Purpose: Periodontal pathogens can invade the host tissue. Morphologic studies have revealed bacteria within the pocket epithelium, gingival connective tissues, alveolar bone, and oral epithelium. The objective of this study was to visualize and evaluate presence of Porphyromonas gingivalis and Tannerella forsythia in crevicular epithelial cells of periodontally healthy subjects and chronic periodontitis patients. Materials and Methods: A total of 666 crevicular epithelial cells in the samples obtained from 27 chronic periodontitis patients and 9 healthy volunteers were examined. Specific probes for P. gingivalis and T. forsythia and a universal probe for detection of all eubacteria targeting 168 rRNA for fluorescence in situ hybridization was used in conjunction with confocal laser scanning microscopy.

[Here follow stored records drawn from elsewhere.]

(* Consider the pursuit-evasion problem described in the context, with a fixed final time $T>0$. For every state $\mathbf{x}=(x,y)$ with $\|\mathbf{x}\|>1$ such that $x\le 0$ or $y\ge 1$, the Evader's optimal trajectory starting at $\mathbf{x}$ avoids the constraint, i.e. it never reaches the Proximity Circle $\|\mathbf{x}\|=1$.
   Context: Pursuer-fixed frame: the Evader's relative position $\mathbf{x}(t)=(x(t),y(t))\in\mathbb{R}^2$ evolves as $\dot x=\mu\cos\psi(t)-1$, $\dot y=\mu\sin\psi(t)$, $\mathbf{x}(0)=\mathbf{x}_0$, where $\mu\in(0,1)$ is the Evader/Pursuer speed ratio and the Evader chooses its heading $\psi(t)$. The Proximity Circle is the unit circle $\|\mathbf{x}\|=1$; the capture-avoidance constraint is $\|\mathbf{x}(t)\|\ge 1$ for all $t\in[0,T]$. For a fixed final time $T$, the Evader wishes to maximize $\|\mathbf{x}(T)\|^2$ subject to this constraint. Throughout the paper it is assumed (by symmetry about the $x$-axis) that $y\ge 0$. *)

From HB Require Import structures.
From mathcomp Require Import all_boot all_order all_algebra.
From mathcomp Require Import all_classical all_reals all_analysis.
Set Implicit Arguments. Unset Strict Implicit. Unset Printing Implicit Defensive.
Import Order.TTheory GRing.Theory Num.Theory.
Local Open Scope classical_set_scope.
Local Open Scope ring_scope.

Section PE.
Variable R : realType.

(* x-coordinate of the relative position at time t, starting at (x0,y0),
   under Evader heading psi:  x(t) = x0 + int_0^t (mu cos psi(s) - 1) ds *)
Definition trajx (mu : R) (psi : R -> R) (x0 : R) (t : R) : R :=
  x0 + Rintegral lebesgue_measure `[0, t] (fun s => mu * cos (psi s) - 1).

Definition trajy (mu : R) (psi : R -> R) (y0 : R) (t : R) : R :=
  y0 + Rintegral lebesgue_measure `[0, t] (fun s => mu * sin (psi s)).

Definition dist2 (mu : R) (psi : R -> R) (x0 y0 t : R) : R :=
  trajx mu psi x0 t ^+ 2 + trajy mu psi y0 t ^+ 2.

Definition admissible (mu T : R) (x0 y0 : R) (psi : R -> R) : Prop :=
  measurable_fun `[0, T] psi /\
  forall t, 0 <= t <= T -> 1 <= dist2 mu psi x0 y0 t.

Definition optimal (mu T : R) (x0 y0 : R) (psi : R -> R) : Prop :=
  admissible mu T x0 y0 psi /\
  forall psi', admissible mu T x0 y0 psi' ->
    dist2 mu psi' x0 y0 T <= dist2 mu psi x0 y0 T.

End PE.

From HB Require Import structures.
From mathcomp Require Import all_boot all_order all_algebra.
From mathcomp Require Import all_classical all_reals all_analysis.
From mathcomp Require Import measurable_realfun.
From mathcomp Require Import ring lra.
Import Order.TTheory GRing.Theory Num.Theory.
Import numFieldNormedType.Exports.
Set Implicit Arguments.
Unset Strict Implicit.
Unset Printing Implicit Defensive.
Local Open Scope classical_set_scope.
Local Open Scope ring_scope.

(* Ignoring the constraint, the Evader's position at time T ranges over the
   disk of radius mu T centred at (x0 - T, y0), whose farthest point from the
   origin is reached only by the constant heading u along (x0 - T, y0).  When
   x0 <= 0 or y0 >= 1 this straight run stays strictly outside the unit
   circle, so an optimal heading must do at least as well; this forces the
   displacement D(T) = int_0^T (cos psi, sin psi) to satisfy <u, D(T)> >= T.
   The slack t - <u, D(t)> is nonnegative and nondecreasing in t, so it
   vanishes on [0, T]; together with |D(t)| <= t this gives D(t) = t u, i.e.
   the optimal trajectory is the straight run itself. *)

Section PlaneAlgebra.
Variable R : realFieldType.

Lemma eq_scale_of_dot_ge (a b ux uy t : R) :
  ux ^+ 2 + uy ^+ 2 = 1 -> 0 <= t -> a ^+ 2 + b ^+ 2 <= t ^+ 2 ->
  t <= ux * a + uy * b -> a = t * ux /\ b = t * uy.
Proof.
move=> u1 t0 ab_le dot_ge.
have dev0 : (a - t * ux) ^+ 2 + (b - t * uy) ^+ 2 <= 0.
  have -> : (a - t * ux) ^+ 2 + (b - t * uy) ^+ 2 =
    a ^+ 2 + b ^+ 2 - 2 * t * (ux * a + uy * b) + t ^+ 2 * (ux ^+ 2 + uy ^+ 2)
    by ring.
  rewrite u1 mulr1; nra.
have := sqr_ge0 (a - t * ux); have := sqr_ge0 (b - t * uy).
move=> b_sq a_sq; split; apply/eqP; rewrite -subr_eq0 -sqrf_eq0 eq_le sqr_ge0 andbT;
  lra.
Qed.

Section StraightRun.
Variables (mu T x0 y0 S ux uy : R).
Hypotheses (mu_gt0 : 0 < mu) (S_gt0 : 0 < S).
Hypotheses (ex : x0 - T = S * ux) (ey : y0 = S * uy).

Lemma straight_run_farthest (a b : R) :
  ux ^+ 2 + uy ^+ 2 = 1 -> a ^+ 2 + b ^+ 2 <= T ^+ 2 ->
  (x0 + mu * (T * ux) - T) ^+ 2 + (y0 + mu * (T * uy)) ^+ 2 <=
    (x0 + mu * a - T) ^+ 2 + (y0 + mu * b) ^+ 2 ->
  T <= ux * a + uy * b.
Proof.
move=> u1 ab_le far.
have x0E : x0 = S * ux + T by rewrite -ex; ring.
move: far; rewrite x0E ey.
have -> : (S * ux + T + mu * (T * ux) - T) ^+ 2 + (S * uy + mu * (T * uy)) ^+ 2 =
  (S + mu * T) ^+ 2 * (ux ^+ 2 + uy ^+ 2) by ring.
have -> : (S * ux + T + mu * a - T) ^+ 2 + (S * uy + mu * b) ^+ 2 =
  S ^+ 2 * (ux ^+ 2 + uy ^+ 2) + 2 * mu * S * (ux * a + uy * b) +
  mu ^+ 2 * (a ^+ 2 + b ^+ 2) by ring.
rewrite u1 !mulr1 => far.
have mu_ab : mu ^+ 2 * (a ^+ 2 + b ^+ 2) <= mu ^+ 2 * T ^+ 2.
  by rewrite ler_pM2l // exprn_gt0.
have muS_gt0 : 0 < 2 * mu * S by rewrite !mulr_gt0.
rewrite -(ler_pM2l muS_gt0); nra.
Qed.

Lemma straight_run_outside (t : R) :
  0 <= y0 -> 1 < x0 ^+ 2 + y0 ^+ 2 -> (x0 <= 0 \/ 1 <= y0) -> 0 <= t <= T ->
  1 < (x0 + mu * (t * ux) - t) ^+ 2 + (y0 + mu * (t * uy)) ^+ 2.
Proof.
move=> y0_ge0 far0 [x0_le0|y0_ge1] /andP[t_ge0 tT].
- have dot_ge0 : 0 <= x0 * ux + y0 * uy.
    rewrite -(pmulr_rge0 _ S_gt0) mulrDr !mulrA ![S * _]mulrC -!mulrA -ex -ey.
    nra.
  have -> : (x0 + mu * (t * ux) - t) ^+ 2 + (y0 + mu * (t * uy)) ^+ 2 =
    x0 ^+ 2 + y0 ^+ 2 + 2 * t * (mu * (x0 * ux + y0 * uy) - x0)
    + t ^+ 2 * ((mu * ux - 1) ^+ 2 + (mu * uy) ^+ 2) by ring.
  have : 0 <= t ^+ 2 * ((mu * ux - 1) ^+ 2 + (mu * uy) ^+ 2).
    by rewrite mulr_ge0 ?addr_ge0 ?sqr_ge0.
  have : 0 <= 2 * t * (mu * (x0 * ux + y0 * uy) - x0).
    by rewrite !mulr_ge0 // subr_ge0 (le_trans x0_le0) // mulr_ge0 // ltW.
  lra.
- have uy_ge0 : 0 <= uy by rewrite -(pmulr_rge0 _ S_gt0) -ey.
  have : 1 <= y0 + mu * (t * uy) by rewrite -[1]addr0 lerD // !mulr_ge0 // ltW.
  have : 0 <= (x0 + mu * (t * ux) - t) ^+ 2 := sqr_ge0 _.
  case: (ltgtP t 0) t_ge0 => [|t_gt0 _|-> _] //; last first.
    by rewrite !mul0r !mulr0 !addr0 subr0.
  have uy_gt0 : 0 < uy by rewrite -(pmulr_rgt0 _ S_gt0) -ey; lra.
  have : 0 < mu * (t * uy) by rewrite !mulr_gt0.
  nra.
Qed.

End StraightRun.
End PlaneAlgebra.

Section Analysis.
Variable R : realType.
Notation leb := (@lebesgue_measure R).

Lemma cos_sin_comb_le_sqrt (a b z : R) :
  a * cos z + b * sin z <= Num.sqrt (a ^+ 2 + b ^+ 2).
Proof.
have sq_le : (a * cos z + b * sin z) ^+ 2 <= a ^+ 2 + b ^+ 2.
  rewrite -[a ^+ 2 + b ^+ 2]mulr1 -(cos2Dsin2 z).
  have := sqr_ge0 (a * sin z - b * cos z); nra.
apply: (le_trans (ler_norm _)).
by rewrite -sqrtr_sqr ler_sqrt // addr_ge0 // sqr_ge0.
Qed.

Lemma polar_upper_half (p q : R) : 0 <= q -> 0 < p ^+ 2 + q ^+ 2 ->
  exists S th : R, [/\ 0 < S, p = S * cos th & q = S * sin th].
Proof.
move=> q_ge0 pq_gt0; set S := Num.sqrt (p ^+ 2 + q ^+ 2).
have S_gt0 : 0 < S by rewrite sqrtr_gt0.
have SS : S ^+ 2 = p ^+ 2 + q ^+ 2 by rewrite sqr_sqrtr // ltW.
have unit_pq : (p / S) ^+ 2 + (q / S) ^+ 2 = 1.
  by rewrite !expr_div_n -mulrDl -SS divff // expf_neq0 // gt_eqF.
have p_bnd : -1 <= p / S <= 1.
  have := sqr_ge0 (q / S); have := sqr_ge0 (p / S).
  by move=> ? ?; apply/andP; split; nra.
exists S, (acos (p / S)); split => //.
  by rewrite acosK ?in_itv //= mulrC divfK // gt_eqF.
rewrite sin_acos //.
have -> : 1 - (p / S) ^+ 2 = (q / S) ^+ 2 by rewrite -unit_pq addrAC subrr add0r.
rewrite sqrtr_sqr ger0_norm.
  by rewrite mulrC divfK // gt_eqF.
by rewrite divr_ge0 // ltW.
Qed.

Lemma lebesgue_measure_itv0 (t : R) : 0 <= t -> leb `[0, t] = t%:E.
Proof.
move=> t_ge0; rewrite lebesgue_measure_itv /= lte_fin.
by case: ltgtP t_ge0 => // [_ _|<- _]; rewrite ?oppr0 ?addr0.
Qed.

Lemma Rintegral_cst_itv0 (t c : R) :
  0 <= t -> Rintegral leb `[0, t] (fun=> c) = c * t.
Proof.
move=> t_ge0; rewrite Rintegral_cst //.
by congr (c * _); rewrite -[RHS]/(fine t%:E) -lebesgue_measure_itv0.
Qed.

Lemma integrable_bounded_comp (k f : R -> R) (M t : R) :
  continuous k -> (forall z, `|k z| <= M) -> measurable_fun `[0, t] f ->
  leb.-integrable `[0, t] (EFin \o (k \o f)).
Proof.
move=> k_cont k_bnd f_meas.
apply: measurable_bounded_integrable => //.
- by have := lebesgue_measure_itv `[0, t]; rewrite /= => ->; case: ifP; rewrite ?ltry.
- apply: measurableT_comp => //; exact: continuous_measurable_fun.
- rewrite /bounded_near; near=> N => s _ /=; apply: le_trans (k_bnd _) _.
  near: N; apply: nbhs_pinfty_ge; exact: num_real.
Unshelve. all: end_near. Qed.

Lemma integrable_cst_itv0 (t c : R) : leb.-integrable `[0, t] (EFin \o (fun=> c)).
Proof.
apply: (@integrable_bounded_comp (fun=> c) id `|c|) => //.
exact: cst_continuous.
Qed.

Lemma dist2_cst_heading (mu th x0 y0 t : R) : 0 <= t ->
  dist2 mu (fun=> th) x0 y0 t =
  (x0 + mu * (t * cos th) - t) ^+ 2 + (y0 + mu * (t * sin th)) ^+ 2.
Proof.
move=> t_ge0; rewrite /dist2 /trajx /trajy !Rintegral_cst_itv0 //.
by congr (_ ^+ 2 + _ ^+ 2); ring.
Qed.

Section Heading.
Variables (psi : R -> R) (T : R).
Hypothesis psi_meas : measurable_fun `[0, T] psi.

Definition cum_cos (t : R) : R := Rintegral leb `[0, t] (fun s => cos (psi s)).
Definition cum_sin (t : R) : R := Rintegral leb `[0, t] (fun s => sin (psi s)).

Let psi_meas_sub (t : R) : 0 <= t <= T -> measurable_fun `[0, t] psi.
Proof.
case/andP=> _ tT; apply: measurable_funS psi_meas => // s /=; rewrite !in_itv /=.
by case/andP=> -> st; apply: le_trans st tT.
Qed.

Let integrable_cos (t : R) : 0 <= t <= T ->
  leb.-integrable `[0, t] (EFin \o (fun s => cos (psi s))).
Proof.
move=> t_itv; apply: (@integrable_bounded_comp cos psi 1) => [|z|];
  [exact: continuous_cos | | exact: psi_meas_sub].
by rewrite ler_norml cos_le1 cos_geN1.
Qed.

Let integrable_sin (t : R) : 0 <= t <= T ->
  leb.-integrable `[0, t] (EFin \o (fun s => sin (psi s))).
Proof.
move=> t_itv; apply: (@integrable_bounded_comp sin psi 1) => [|z|];
  [exact: continuous_sin | | exact: psi_meas_sub].
by rewrite ler_norml sin_le1 sin_geN1.
Qed.

Let integrable_scale_cos (a t : R) : 0 <= t <= T ->
  leb.-integrable `[0, t] (EFin \o (fun s => a * cos (psi s))).
Proof.
by move=> t_itv; apply: eq_integrable (integrableZl _ a (integrable_cos t_itv)).
Qed.

Let integrable_scale_sin (b t : R) : 0 <= t <= T ->
  leb.-integrable `[0, t] (EFin \o (fun s => b * sin (psi s))).
Proof.
by move=> t_itv; apply: eq_integrable (integrableZl _ b (integrable_sin t_itv)).
Qed.

Let integrable_comb (a b t : R) : 0 <= t <= T ->
  leb.-integrable `[0, t] (EFin \o (fun s => a * cos (psi s) + b * sin (psi s))).
Proof.
move=> t_itv.
exact: eq_integrable _ _ _ _
  (integrableD _ (integrable_scale_cos a t_itv) (integrable_scale_sin b t_itv)).
Qed.

Lemma Rintegral_cos_sin_comb (a b t : R) : 0 <= t <= T ->
  Rintegral leb `[0, t] (fun s => a * cos (psi s) + b * sin (psi s)) =
  a * cum_cos t + b * cum_sin t.
Proof.
move=> t_itv; rewrite RintegralD ?integrable_scale_cos ?integrable_scale_sin //.
by rewrite !RintegralZl ?integrable_cos ?integrable_sin.
Qed.

Lemma dist2_cum (mu x0 y0 t : R) : 0 <= t <= T ->
  dist2 mu psi x0 y0 t =
  (x0 + mu * cum_cos t - t) ^+ 2 + (y0 + mu * cum_sin t) ^+ 2.
Proof.
move=> t_itv; have t_ge0 : 0 <= t by case/andP: t_itv.
rewrite /dist2 /trajx /trajy RintegralB ?integrable_scale_cos ?integrable_cst_itv0 //.
rewrite !RintegralZl ?integrable_cos ?integrable_sin ?Rintegral_cst_itv0 //.
by rewrite mul1r addrA.
Qed.

Lemma cos_sin_comb_cum_le (a b t : R) : 0 <= t <= T ->
  a * cum_cos t + b * cum_sin t <= t * Num.sqrt (a ^+ 2 + b ^+ 2).
Proof.
move=> t_itv; have t_ge0 : 0 <= t by case/andP: t_itv.
rewrite -Rintegral_cos_sin_comb // mulrC -Rintegral_cst_itv0 //.
apply: le_Rintegral => //; [exact: integrable_comb | exact: integrable_cst_itv0 |].
by move=> s _; apply: cos_sin_comb_le_sqrt.
Qed.

Lemma cum_norm_le (t : R) : 0 <= t <= T -> cum_cos t ^+ 2 + cum_sin t ^+ 2 <= t ^+ 2.
Proof.
move=> t_itv; have t_ge0 : 0 <= t by case/andP: t_itv.
have := cos_sin_comb_cum_le (cum_cos t) (cum_sin t) t_itv; rewrite -!expr2.
set W := _ + _ => W_le; have W_ge0 : 0 <= W by rewrite addr_ge0 ?sqr_ge0.
have s_ge0 := sqrtr_ge0 W; have := sqr_sqrtr W_ge0.
move: W_le; set s := Num.sqrt W => W_le W_sq.
have s_le : s <= t.
  case: (ltgtP s 0) s_ge0 => [|s_gt0 _|-> _] //.
  by rewrite -(ler_pM2l s_gt0) -expr2 W_sq mulrC.
by rewrite -W_sq !expr2 ler_pM.
Qed.

Lemma Rintegral_cos_sin_slack (a b t : R) : 0 <= t <= T ->
  Rintegral leb `[0, t] (fun s => 1 - (a * cos (psi s) + b * sin (psi s))) =
  t - (a * cum_cos t + b * cum_sin t).
Proof.
move=> t_itv; have t_ge0 : 0 <= t by case/andP: t_itv.
rewrite RintegralB ?integrable_cst_itv0 ?integrable_comb //.
by rewrite Rintegral_cst_itv0 // mul1r Rintegral_cos_sin_comb.
Qed.

Lemma cum_slack_le (ux uy t : R) : ux ^+ 2 + uy ^+ 2 = 1 -> 0 <= t <= T ->
  t - (ux * cum_cos t + uy * cum_sin t) <= T - (ux * cum_cos T + uy * cum_sin T).
Proof.
move=> u1 t_itv; case/andP: (t_itv) => t_ge0 tT.
have T_itv : 0 <= T <= T by rewrite lexx (le_trans t_ge0 tT).
rewrite -!Rintegral_cos_sin_slack // -subr_ge0 Rintegral_itvB ?bnd_simp //.
  apply: Rintegral_ge0 => s _; rewrite subr_ge0.
  by have := cos_sin_comb_le_sqrt ux uy (psi s); rewrite u1 sqrtr1.
exact: eq_integrable _ _ _ _
  (integrableB _ (integrable_cst_itv0 T 1) (integrable_comb ux uy T_itv)).
Qed.

Lemma cum_eq_of_aligned (ux uy t : R) : ux ^+ 2 + uy ^+ 2 = 1 -> 0 <= t <= T ->
  T <= ux * cum_cos T + uy * cum_sin T -> cum_cos t = t * ux /\ cum_sin t = t * uy.
Proof.
move=> u1 t_itv aligned; have t_ge0 : 0 <= t by case/andP: t_itv.
apply: eq_scale_of_dot_ge => //; first exact: cum_norm_le.
have := cum_slack_le u1 t_itv; lra.
Qed.

End Heading.
End Analysis.

Theorem lemma1 (R : realType) (mu T x0 y0 : R) :
  0 < mu -> mu < 1 -> 0 < T ->
  0 <= y0 -> 1 < x0 ^+ 2 + y0 ^+ 2 -> (x0 <= 0 \/ 1 <= y0) ->
  forall psi : R -> R, optimal mu T x0 y0 psi ->
  forall t : R, 0 <= t <= T -> 1 < dist2 mu psi x0 y0 t.
Proof.
move=> mu_gt0 _ T_gt0 y0_ge0 far0 x0_y0 psi [[psi_meas _] psi_max] t t_itv.
have [S [th [S_gt0 ex ey]]] :
    exists S th : R, [/\ 0 < S, x0 - T = S * cos th & y0 = S * sin th].
  apply: polar_upper_half => //.
  have := sqr_ge0 (x0 - T); have := sqr_ge0 y0; case: x0_y0 => [x0_le0|y0_ge1].
  - have : 0 < (x0 - T) ^+ 2 by rewrite exprn_even_gt0 //= ltr0_neq0 //; lra.
    lra.
  - have : 0 < y0 ^+ 2 by rewrite exprn_gt0 //; lra.
    lra.
have outside := straight_run_outside mu_gt0 S_gt0 ex ey y0_ge0 far0 x0_y0.
have straight_adm : admissible mu T x0 y0 (fun=> th).
  split=> [|s s_itv]; first exact: measurable_cst.
  have [s_ge0 _] := andP s_itv.
  by rewrite dist2_cst_heading //; apply/ltW/outside.
have T_itv : 0 <= T <= T by rewrite lexx ltW.
have aligned : T <= cos th * cum_cos psi T + sin th * cum_sin psi T.
  apply: (straight_run_farthest mu_gt0 S_gt0 ex ey (cos2Dsin2 th)
    (cum_norm_le psi_meas T_itv)).
  rewrite -(dist2_cum psi_meas) // -dist2_cst_heading ?(ltW T_gt0) //; exact: psi_max.
rewrite (dist2_cum psi_meas) //.
have [-> ->] := cum_eq_of_aligned psi_meas (cos2Dsin2 th) t_itv aligned.
exact: outside.
Qed.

Results: 98.99% of sulcular epithelial cells from healthy volunteers and 84.40% of pocket epithelial cells from periodontitis patients were found to harbor bacteria. P. gingivalis and T. forsythia were discovered more often in crevicular epithelial cells from periodontitis patients. Conclusion: P. gingivalis and T. forsythia can invade crevicular epithelial cells and intracellular bacteria may act as a source of bacteria for persistent infection.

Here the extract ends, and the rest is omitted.